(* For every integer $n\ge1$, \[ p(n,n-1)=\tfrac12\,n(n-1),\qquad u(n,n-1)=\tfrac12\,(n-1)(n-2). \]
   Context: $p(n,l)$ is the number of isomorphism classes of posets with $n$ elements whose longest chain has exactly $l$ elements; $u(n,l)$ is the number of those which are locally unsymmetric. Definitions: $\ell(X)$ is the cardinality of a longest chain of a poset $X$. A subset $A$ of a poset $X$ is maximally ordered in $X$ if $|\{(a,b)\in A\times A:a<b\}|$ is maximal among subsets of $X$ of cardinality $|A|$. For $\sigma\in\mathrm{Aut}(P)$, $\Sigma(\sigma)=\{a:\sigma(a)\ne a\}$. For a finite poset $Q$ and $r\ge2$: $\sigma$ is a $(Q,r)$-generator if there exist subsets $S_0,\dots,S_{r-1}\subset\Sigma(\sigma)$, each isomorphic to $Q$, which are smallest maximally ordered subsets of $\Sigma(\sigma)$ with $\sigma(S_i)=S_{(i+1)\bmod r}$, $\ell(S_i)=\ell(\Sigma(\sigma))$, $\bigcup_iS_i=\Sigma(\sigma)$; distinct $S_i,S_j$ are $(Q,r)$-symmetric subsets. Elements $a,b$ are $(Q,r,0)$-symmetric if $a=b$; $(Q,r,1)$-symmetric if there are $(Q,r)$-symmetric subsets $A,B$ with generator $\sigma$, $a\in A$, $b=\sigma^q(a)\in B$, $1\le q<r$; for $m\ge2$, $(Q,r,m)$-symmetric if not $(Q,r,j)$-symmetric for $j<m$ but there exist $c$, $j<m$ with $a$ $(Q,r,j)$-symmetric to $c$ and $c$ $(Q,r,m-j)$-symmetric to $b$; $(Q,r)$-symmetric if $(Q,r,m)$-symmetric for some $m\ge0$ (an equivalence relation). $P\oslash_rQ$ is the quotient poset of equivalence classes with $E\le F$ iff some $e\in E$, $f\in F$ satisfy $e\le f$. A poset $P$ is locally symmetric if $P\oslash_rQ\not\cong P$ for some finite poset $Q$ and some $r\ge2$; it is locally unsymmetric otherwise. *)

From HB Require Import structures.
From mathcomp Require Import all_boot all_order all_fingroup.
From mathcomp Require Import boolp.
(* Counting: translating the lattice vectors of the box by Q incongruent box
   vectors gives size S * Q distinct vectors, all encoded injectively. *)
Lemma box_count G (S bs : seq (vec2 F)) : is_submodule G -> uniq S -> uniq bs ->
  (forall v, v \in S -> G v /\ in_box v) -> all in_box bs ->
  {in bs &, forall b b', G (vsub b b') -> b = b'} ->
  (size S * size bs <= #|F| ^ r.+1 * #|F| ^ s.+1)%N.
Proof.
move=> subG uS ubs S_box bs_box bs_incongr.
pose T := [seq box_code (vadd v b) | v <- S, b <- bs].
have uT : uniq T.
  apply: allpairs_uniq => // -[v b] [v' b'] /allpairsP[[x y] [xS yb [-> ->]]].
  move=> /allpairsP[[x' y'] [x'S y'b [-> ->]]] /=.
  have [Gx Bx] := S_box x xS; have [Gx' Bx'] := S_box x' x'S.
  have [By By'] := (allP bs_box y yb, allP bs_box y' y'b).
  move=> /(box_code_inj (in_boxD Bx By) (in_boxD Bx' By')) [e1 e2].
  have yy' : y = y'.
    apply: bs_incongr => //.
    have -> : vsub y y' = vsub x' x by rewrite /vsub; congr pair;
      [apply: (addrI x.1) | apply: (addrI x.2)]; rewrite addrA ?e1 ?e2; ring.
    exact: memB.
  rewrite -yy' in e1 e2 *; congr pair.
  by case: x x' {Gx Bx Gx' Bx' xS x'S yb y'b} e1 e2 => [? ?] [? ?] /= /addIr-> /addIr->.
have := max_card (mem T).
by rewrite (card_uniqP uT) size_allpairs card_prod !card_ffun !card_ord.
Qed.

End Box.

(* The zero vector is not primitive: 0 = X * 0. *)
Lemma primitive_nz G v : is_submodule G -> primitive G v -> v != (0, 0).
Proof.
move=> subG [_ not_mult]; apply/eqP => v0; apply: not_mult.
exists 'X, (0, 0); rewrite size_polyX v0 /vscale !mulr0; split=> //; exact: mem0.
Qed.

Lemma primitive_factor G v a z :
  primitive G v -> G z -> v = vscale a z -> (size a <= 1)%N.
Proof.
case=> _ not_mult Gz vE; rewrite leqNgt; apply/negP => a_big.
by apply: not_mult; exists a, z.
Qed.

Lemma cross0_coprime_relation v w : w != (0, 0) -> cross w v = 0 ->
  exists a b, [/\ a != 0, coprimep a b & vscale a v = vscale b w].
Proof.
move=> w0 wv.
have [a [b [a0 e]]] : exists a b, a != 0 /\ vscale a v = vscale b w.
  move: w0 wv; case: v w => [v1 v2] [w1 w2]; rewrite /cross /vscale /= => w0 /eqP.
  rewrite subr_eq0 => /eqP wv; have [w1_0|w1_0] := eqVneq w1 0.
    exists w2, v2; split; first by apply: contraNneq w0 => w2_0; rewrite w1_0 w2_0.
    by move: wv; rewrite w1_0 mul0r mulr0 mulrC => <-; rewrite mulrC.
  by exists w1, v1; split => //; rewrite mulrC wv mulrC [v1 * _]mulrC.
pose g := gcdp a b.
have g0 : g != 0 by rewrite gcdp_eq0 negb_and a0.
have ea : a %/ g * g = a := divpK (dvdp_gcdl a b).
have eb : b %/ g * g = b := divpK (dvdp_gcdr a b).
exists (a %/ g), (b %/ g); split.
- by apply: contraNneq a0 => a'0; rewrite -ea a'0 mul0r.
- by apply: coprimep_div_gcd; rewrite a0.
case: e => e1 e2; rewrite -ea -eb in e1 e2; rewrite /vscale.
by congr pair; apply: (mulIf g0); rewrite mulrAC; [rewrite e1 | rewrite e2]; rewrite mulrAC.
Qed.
...
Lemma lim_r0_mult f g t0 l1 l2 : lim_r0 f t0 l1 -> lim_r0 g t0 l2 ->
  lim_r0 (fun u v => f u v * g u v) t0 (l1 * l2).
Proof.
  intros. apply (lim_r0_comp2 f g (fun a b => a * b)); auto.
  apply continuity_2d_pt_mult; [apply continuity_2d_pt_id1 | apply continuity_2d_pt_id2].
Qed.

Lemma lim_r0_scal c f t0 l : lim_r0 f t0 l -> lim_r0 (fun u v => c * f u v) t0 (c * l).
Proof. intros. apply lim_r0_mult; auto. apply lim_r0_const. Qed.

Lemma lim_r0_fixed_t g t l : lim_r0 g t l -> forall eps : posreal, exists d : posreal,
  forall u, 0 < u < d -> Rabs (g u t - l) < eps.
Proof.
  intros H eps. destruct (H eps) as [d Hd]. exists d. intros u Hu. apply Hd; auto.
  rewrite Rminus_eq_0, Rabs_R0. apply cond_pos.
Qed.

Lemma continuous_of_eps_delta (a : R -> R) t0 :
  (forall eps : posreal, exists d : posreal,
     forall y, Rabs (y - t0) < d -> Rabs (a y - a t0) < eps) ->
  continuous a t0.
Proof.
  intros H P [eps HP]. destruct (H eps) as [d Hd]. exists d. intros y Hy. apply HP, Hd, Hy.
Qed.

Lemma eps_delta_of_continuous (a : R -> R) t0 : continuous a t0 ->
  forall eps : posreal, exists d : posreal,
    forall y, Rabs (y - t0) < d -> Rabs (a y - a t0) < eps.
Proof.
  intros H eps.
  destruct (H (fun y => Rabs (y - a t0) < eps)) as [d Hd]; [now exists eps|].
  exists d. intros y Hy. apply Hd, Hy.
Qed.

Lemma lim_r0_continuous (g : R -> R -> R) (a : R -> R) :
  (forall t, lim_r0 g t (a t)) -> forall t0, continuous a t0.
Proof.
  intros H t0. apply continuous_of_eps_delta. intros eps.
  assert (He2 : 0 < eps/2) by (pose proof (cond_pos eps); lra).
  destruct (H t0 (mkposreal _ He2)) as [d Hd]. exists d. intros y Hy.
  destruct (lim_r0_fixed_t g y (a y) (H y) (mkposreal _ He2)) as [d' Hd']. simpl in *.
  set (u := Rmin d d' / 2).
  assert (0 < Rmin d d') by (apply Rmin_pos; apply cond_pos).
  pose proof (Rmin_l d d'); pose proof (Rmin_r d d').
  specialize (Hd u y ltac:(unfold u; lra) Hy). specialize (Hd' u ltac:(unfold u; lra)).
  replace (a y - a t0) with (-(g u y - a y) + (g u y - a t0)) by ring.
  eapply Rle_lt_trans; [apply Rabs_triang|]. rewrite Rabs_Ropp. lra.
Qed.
==
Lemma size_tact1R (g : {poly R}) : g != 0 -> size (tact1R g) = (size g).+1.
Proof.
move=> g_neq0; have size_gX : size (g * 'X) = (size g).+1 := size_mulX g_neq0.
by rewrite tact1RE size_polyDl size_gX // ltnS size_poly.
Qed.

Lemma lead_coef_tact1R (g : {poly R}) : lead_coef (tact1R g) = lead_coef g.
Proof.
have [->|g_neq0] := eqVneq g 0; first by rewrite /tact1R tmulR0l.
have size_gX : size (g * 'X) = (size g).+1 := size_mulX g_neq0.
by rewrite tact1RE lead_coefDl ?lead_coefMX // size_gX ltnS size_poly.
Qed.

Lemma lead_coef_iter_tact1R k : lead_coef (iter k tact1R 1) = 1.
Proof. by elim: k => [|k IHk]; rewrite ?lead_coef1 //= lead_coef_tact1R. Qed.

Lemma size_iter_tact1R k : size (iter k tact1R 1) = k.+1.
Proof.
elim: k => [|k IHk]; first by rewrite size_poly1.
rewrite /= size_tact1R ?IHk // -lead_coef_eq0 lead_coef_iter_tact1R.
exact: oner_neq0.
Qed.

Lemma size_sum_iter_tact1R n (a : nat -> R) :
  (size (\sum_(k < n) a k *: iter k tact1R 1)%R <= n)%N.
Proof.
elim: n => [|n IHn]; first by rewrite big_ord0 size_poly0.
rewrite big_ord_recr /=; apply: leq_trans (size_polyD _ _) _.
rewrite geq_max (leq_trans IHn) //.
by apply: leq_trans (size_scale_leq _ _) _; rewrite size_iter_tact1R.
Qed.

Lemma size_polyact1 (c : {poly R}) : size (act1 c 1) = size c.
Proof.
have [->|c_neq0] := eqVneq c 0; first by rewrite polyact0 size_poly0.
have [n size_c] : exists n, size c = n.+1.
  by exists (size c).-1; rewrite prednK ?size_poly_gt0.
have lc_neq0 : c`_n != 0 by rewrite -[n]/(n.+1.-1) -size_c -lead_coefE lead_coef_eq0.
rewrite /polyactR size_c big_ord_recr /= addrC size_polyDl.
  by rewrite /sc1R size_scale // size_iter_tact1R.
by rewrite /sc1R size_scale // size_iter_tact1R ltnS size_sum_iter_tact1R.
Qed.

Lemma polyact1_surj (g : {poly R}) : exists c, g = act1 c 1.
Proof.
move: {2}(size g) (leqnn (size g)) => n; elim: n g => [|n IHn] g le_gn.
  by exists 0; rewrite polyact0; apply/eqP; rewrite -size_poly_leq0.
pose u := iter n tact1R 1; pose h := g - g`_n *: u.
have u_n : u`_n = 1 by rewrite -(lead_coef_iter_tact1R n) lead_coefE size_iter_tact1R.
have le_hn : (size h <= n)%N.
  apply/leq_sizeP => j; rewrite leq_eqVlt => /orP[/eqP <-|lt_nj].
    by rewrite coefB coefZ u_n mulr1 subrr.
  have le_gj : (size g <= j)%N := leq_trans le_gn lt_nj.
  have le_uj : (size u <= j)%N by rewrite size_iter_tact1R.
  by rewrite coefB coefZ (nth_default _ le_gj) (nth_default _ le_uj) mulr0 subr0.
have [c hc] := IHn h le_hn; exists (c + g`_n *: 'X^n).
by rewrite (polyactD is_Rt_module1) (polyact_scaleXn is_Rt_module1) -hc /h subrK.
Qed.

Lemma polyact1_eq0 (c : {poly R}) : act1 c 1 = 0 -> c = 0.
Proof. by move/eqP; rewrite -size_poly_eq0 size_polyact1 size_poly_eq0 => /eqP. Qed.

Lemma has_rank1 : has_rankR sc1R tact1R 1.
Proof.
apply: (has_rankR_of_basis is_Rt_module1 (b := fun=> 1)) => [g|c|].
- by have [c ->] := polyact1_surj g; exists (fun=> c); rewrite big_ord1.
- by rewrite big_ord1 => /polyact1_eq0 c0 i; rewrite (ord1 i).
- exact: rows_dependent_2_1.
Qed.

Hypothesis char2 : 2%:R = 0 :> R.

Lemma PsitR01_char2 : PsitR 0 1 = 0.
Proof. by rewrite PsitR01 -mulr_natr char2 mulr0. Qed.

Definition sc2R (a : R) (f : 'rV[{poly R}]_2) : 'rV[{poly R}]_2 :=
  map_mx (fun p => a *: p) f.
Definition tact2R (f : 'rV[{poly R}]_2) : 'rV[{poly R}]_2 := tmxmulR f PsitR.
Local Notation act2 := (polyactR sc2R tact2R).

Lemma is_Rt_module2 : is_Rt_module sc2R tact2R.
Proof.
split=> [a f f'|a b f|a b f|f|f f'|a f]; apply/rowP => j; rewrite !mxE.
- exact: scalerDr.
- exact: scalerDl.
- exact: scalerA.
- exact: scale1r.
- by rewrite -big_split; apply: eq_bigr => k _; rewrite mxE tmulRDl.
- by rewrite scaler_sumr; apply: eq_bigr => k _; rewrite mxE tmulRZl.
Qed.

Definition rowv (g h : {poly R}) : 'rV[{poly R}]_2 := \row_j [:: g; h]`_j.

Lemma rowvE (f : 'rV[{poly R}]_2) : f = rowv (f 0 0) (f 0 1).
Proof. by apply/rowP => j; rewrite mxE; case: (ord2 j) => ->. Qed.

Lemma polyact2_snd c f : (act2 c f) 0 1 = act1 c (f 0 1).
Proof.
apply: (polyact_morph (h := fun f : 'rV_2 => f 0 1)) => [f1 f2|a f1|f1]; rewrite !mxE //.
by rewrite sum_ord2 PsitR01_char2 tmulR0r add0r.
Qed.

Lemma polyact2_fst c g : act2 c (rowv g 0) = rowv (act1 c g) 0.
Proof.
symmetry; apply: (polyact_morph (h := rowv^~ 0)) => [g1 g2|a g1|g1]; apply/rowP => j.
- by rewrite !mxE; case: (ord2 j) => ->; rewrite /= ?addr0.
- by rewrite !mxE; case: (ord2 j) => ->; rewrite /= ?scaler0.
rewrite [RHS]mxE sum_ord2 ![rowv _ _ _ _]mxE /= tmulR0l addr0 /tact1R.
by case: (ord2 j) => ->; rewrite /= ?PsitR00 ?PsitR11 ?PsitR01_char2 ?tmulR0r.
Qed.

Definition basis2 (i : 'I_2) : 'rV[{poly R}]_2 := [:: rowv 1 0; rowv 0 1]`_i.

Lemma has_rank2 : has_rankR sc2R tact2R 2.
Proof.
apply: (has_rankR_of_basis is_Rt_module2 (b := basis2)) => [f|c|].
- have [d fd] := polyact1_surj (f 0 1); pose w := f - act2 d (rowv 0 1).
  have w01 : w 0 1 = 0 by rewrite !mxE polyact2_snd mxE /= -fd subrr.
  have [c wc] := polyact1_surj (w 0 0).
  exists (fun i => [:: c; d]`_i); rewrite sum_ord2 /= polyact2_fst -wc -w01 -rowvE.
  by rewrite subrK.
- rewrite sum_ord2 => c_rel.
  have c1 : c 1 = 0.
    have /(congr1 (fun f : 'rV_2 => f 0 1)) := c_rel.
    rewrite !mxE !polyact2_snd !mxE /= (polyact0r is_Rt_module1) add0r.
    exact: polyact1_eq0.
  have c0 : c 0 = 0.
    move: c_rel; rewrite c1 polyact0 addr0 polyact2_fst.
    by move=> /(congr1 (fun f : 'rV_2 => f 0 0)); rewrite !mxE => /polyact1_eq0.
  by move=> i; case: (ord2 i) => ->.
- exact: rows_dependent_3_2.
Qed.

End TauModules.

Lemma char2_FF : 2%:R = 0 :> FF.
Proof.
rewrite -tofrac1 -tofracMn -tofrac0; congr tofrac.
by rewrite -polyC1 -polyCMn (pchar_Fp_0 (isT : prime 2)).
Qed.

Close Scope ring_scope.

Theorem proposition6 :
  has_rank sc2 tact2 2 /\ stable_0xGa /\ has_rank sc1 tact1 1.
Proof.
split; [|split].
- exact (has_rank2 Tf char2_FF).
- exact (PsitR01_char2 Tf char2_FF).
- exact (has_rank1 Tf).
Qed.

_Exercise_:
Set down only the lines above that fall between the line holding "Lemma is_Rt_module2 : is_Rt_module" and the line holding "by rewrite subrK.", inclusive, keeping each exact.

_Solution_:
Lemma is_Rt_module2 : is_Rt_module sc2R tact2R.
Proof.
split=> [a f f'|a b f|a b f|f|f f'|a f]; apply/rowP => j; rewrite !mxE.
- exact: scalerDr.
- exact: scalerDl.
- exact: scalerA.
- exact: scale1r.
- by rewrite -big_split; apply: eq_bigr => k _; rewrite mxE tmulRDl.
- by rewrite scaler_sumr; apply: eq_bigr => k _; rewrite mxE tmulRZl.
Qed.

Definition rowv (g h : {poly R}) : 'rV[{poly R}]_2 := \row_j [:: g; h]`_j.

Lemma rowvE (f : 'rV[{poly R}]_2) : f = rowv (f 0 0) (f 0 1).
Proof. by apply/rowP => j; rewrite mxE; case: (ord2 j) => ->. Qed.

Lemma polyact2_snd c f : (act2 c f) 0 1 = act1 c (f 0 1).
Proof.
apply: (polyact_morph (h := fun f : 'rV_2 => f 0 1)) => [f1 f2|a f1|f1]; rewrite !mxE //.
by rewrite sum_ord2 PsitR01_char2 tmulR0r add0r.
Qed.

Lemma polyact2_fst c g : act2 c (rowv g 0) = rowv (act1 c g) 0.
Proof.
symmetry; apply: (polyact_morph (h := rowv^~ 0)) => [g1 g2|a g1|g1]; apply/rowP => j.
- by rewrite !mxE; case: (ord2 j) => ->; rewrite /= ?addr0.
- by rewrite !mxE; case: (ord2 j) => ->; rewrite /= ?scaler0.
rewrite [RHS]mxE sum_ord2 ![rowv _ _ _ _]mxE /= tmulR0l addr0 /tact1R.
by case: (ord2 j) => ->; rewrite /= ?PsitR00 ?PsitR11 ?PsitR01_char2 ?tmulR0r.
Qed.

Definition basis2 (i : 'I_2) : 'rV[{poly R}]_2 := [:: rowv 1 0; rowv 0 1]`_i.

Lemma has_rank2 : has_rankR sc2R tact2R 2.
Proof.
apply: (has_rankR_of_basis is_Rt_module2 (b := basis2)) => [f|c|].
- have [d fd] := polyact1_surj (f 0 1); pose w := f - act2 d (rowv 0 1).
  have w01 : w 0 1 = 0 by rewrite !mxE polyact2_snd mxE /= -fd subrr.
  have [c wc] := polyact1_surj (w 0 0).
  exists (fun i => [:: c; d]`_i); rewrite sum_ord2 /= polyact2_fst -wc -w01 -rowvE.
  by rewrite subrK.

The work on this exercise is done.